▸ Problem: An exact copy of every record is required.
/---
Lemma psum_sum_le (I : finType) (P : pred I) g (Y : I -> vec R d) (a : I -> R) M N :
  (forall i, 0 <= a i) ->
  (forall w, (size w < N)%N -> g w = \sum_(i | P i) Y i w) ->
  (forall i, P i -> psum (Y i) N <= a i ^+ 2 * M) ->
  psum g N <= (\sum_(i | P i) a i) ^+ 2 * M.
Proof.
move=> a_ge0 g_eq Y_bd; set A := \sum_(i | P i) a i.
have A_ge0 : 0 <= A by apply: sumr_ge0.
have Y_eq0 i w : P i -> a i = 0 -> (size w < N)%N -> Y i w = 0.
  move=> Pi ai0 wN; apply/sqmod_eq0/eqP; rewrite eq_le sqmod_ge0 andbT.
  apply: le_trans (sqmod_le_psum _ wN) _.
  by apply: le_trans (Y_bd i Pi) _; rewrite ai0 expr0n /= mul0r.
apply: le_trans (_ : _ <= \sum_(n < N) \sum_(t : n.-tuple 'I_d)
    A * \sum_(i | P i) sqmod (Y i t) / a i) _.
  apply: ler_sum => n _; apply: ler_sum => t _.
  rewrite g_eq ?size_tuple //; apply: sqmod_sum_le_weighted => // i Pi ai0.
  by rewrite Y_eq0 ?size_tuple.
have -> : \sum_(n < N) \sum_(t : n.-tuple 'I_d) A * \sum_(i | P i) sqmod (Y i t) / a i
    = A * \sum_(i | P i) psum (Y i) N / a i.
  under eq_bigr => n _ do rewrite -mulr_sumr exchange_big /=.
  rewrite -mulr_sumr exchange_big /=; congr (A * _); apply: eq_bigr => i Pi.
  by rewrite /psum mulr_suml; apply: eq_bigr => n _; rewrite /level_sq mulr_suml.
apply: le_trans (ler_wpM2l A_ge0 (_ : _ <= \sum_(i | P i) a i * M)) _.
  apply: ler_sum => i Pi; have [->|ai_neq0] := eqVneq (a i) 0.
    by rewrite invr0 mulr0 mul0r.
  rewrite ler_pdivrMr ?lt_def ?ai_neq0 ?a_ge0 //.
  by apply: le_trans (Y_bd i Pi) _; rewrite expr2 mulrAC.
by rewrite -mulr_suml mulrA expr2.
Qed.

End FockVectors.

Section LAlgebra.
Variables (R : realType) (d : nat).
Implicit Types (f : vec R d) (u v w : word d).

Definition Lword u : op R d := foldr (fun i A => op_mul (Lop i) A) id u.
Definition Lword_adj v : op R d := foldr (fun i A => op_mul A (Lop_adj i)) id v.

Lemma Lword_apply u f w :
  Lword u f w = if take (size u) w == u then f (drop (size u) w) else 0.
Proof.
elim: u w => [|i u IH] w /=; first by rewrite take0 drop0.
case: w => [|j w] //=.
by rewrite /op_mul /Lop IH eqseq_cons; case: (j == i).
Qed.

Lemma Lword_adj_apply v f w : Lword_adj v f w = f (v ++ w).
Proof. by elim: v f => [|i v IH] f //=; rewrite /op_mul IH. Qed.

Lemma Lpoly_Lword u : Lpoly (Lword u).
Proof. by elim: u => [|i u IH]; [apply: LP_id | apply: LP_mul (LP_L _ _) IH]. Qed.

Lemma Lpoly_Lword_adj v : Lpoly (Lword_adj v).
Proof. by elim: v => [|i v IH]; [apply: LP_id | apply: LP_mul IH (LP_Ladj _ _)]. Qed.

Definition op_sum (I : Type) (r : seq I) (F : I -> op R d) : op R d :=
  foldr (fun i A => op_add (F i) A) (op_scale 0 id) r.

Lemma op_sum_apply (I : Type) (r : seq I) (F : I -> op R d) f w :
  op_sum r F f w = \sum_(i <- r) F i f w.
Proof.
elim: r => [|i r IH]; first by rewrite big_nil /= /op_scale mul0r.
by rewrite big_cons /= /op_add IH.
Qed.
\---
▸ Task output:
Lemma psum_sum_le (I : finType) (P : pred I) g (Y : I -> vec R d) (a : I -> R) M N :
  (forall i, 0 <= a i) ->
  (forall w, (size w < N)%N -> g w = \sum_(i | P i) Y i w) ->
  (forall i, P i -> psum (Y i) N <= a i ^+ 2 * M) ->
  psum g N <= (\sum_(i | P i) a i) ^+ 2 * M.
Proof.
move=> a_ge0 g_eq Y_bd; set A := \sum_(i | P i) a i.
have A_ge0 : 0 <= A by apply: sumr_ge0.
have Y_eq0 i w : P i -> a i = 0 -> (size w < N)%N -> Y i w = 0.
  move=> Pi ai0 wN; apply/sqmod_eq0/eqP; rewrite eq_le sqmod_ge0 andbT.
  apply: le_trans (sqmod_le_psum _ wN) _.
  by apply: le_trans (Y_bd i Pi) _; rewrite ai0 expr0n /= mul0r.
apply: le_trans (_ : _ <= \sum_(n < N) \sum_(t : n.-tuple 'I_d)
    A * \sum_(i | P i) sqmod (Y i t) / a i) _.
  apply: ler_sum => n _; apply: ler_sum => t _.
  rewrite g_eq ?size_tuple //; apply: sqmod_sum_le_weighted => // i Pi ai0.
  by rewrite Y_eq0 ?size_tuple.
have -> : \sum_(n < N) \sum_(t : n.-tuple 'I_d) A * \sum_(i | P i) sqmod (Y i t) / a i
    = A * \sum_(i | P i) psum (Y i) N / a i.
  under eq_bigr => n _ do rewrite -mulr_sumr exchange_big /=.
  rewrite -mulr_sumr exchange_big /=; congr (A * _); apply: eq_bigr => i Pi.
  by rewrite /psum mulr_suml; apply: eq_bigr => n _; rewrite /level_sq mulr_suml.
apply: le_trans (ler_wpM2l A_ge0 (_ : _ <= \sum_(i | P i) a i * M)) _.
  apply: ler_sum => i Pi; have [->|ai_neq0] := eqVneq (a i) 0.
    by rewrite invr0 mulr0 mul0r.
  rewrite ler_pdivrMr ?lt_def ?ai_neq0 ?a_ge0 //.
  by apply: le_trans (Y_bd i Pi) _; rewrite expr2 mulrAC.
by rewrite -mulr_suml mulrA expr2.
Qed.

End FockVectors.

Section LAlgebra.
Variables (R : realType) (d : nat).
Implicit Types (f : vec R d) (u v w : word d).

Definition Lword u : op R d := foldr (fun i A => op_mul (Lop i) A) id u.
Definition Lword_adj v : op R d := foldr (fun i A => op_mul A (Lop_adj i)) id v.

Lemma Lword_apply u f w :
  Lword u f w = if take (size u) w == u then f (drop (size u) w) else 0.
Proof.
elim: u w => [|i u IH] w /=; first by rewrite take0 drop0.
case: w => [|j w] //=.
by rewrite /op_mul /Lop IH eqseq_cons; case: (j == i).
Qed.

Lemma Lword_adj_apply v f w : Lword_adj v f w = f (v ++ w).
Proof. by elim: v f => [|i v IH] f //=; rewrite /op_mul IH. Qed.

Lemma Lpoly_Lword u : Lpoly (Lword u).
Proof. by elim: u => [|i u IH]; [apply: LP_id | apply: LP_mul (LP_L _ _) IH]. Qed.

Lemma Lpoly_Lword_adj v : Lpoly (Lword_adj v).
Proof. by elim: v => [|i v IH]; [apply: LP_id | apply: LP_mul IH (LP_Ladj _ _)]. Qed.

Definition op_sum (I : Type) (r : seq I) (F : I -> op R d) : op R d :=
  foldr (fun i A => op_add (F i) A) (op_scale 0 id) r.

Lemma op_sum_apply (I : Type) (r : seq I) (F : I -> op R d) f w :
  op_sum r F f w = \sum_(i <- r) F i f w.
Proof.
elim: r => [|i r IH]; first by rewrite big_nil /= /op_scale mul0r.
by rewrite big_cons /= /op_add IH.
Qed.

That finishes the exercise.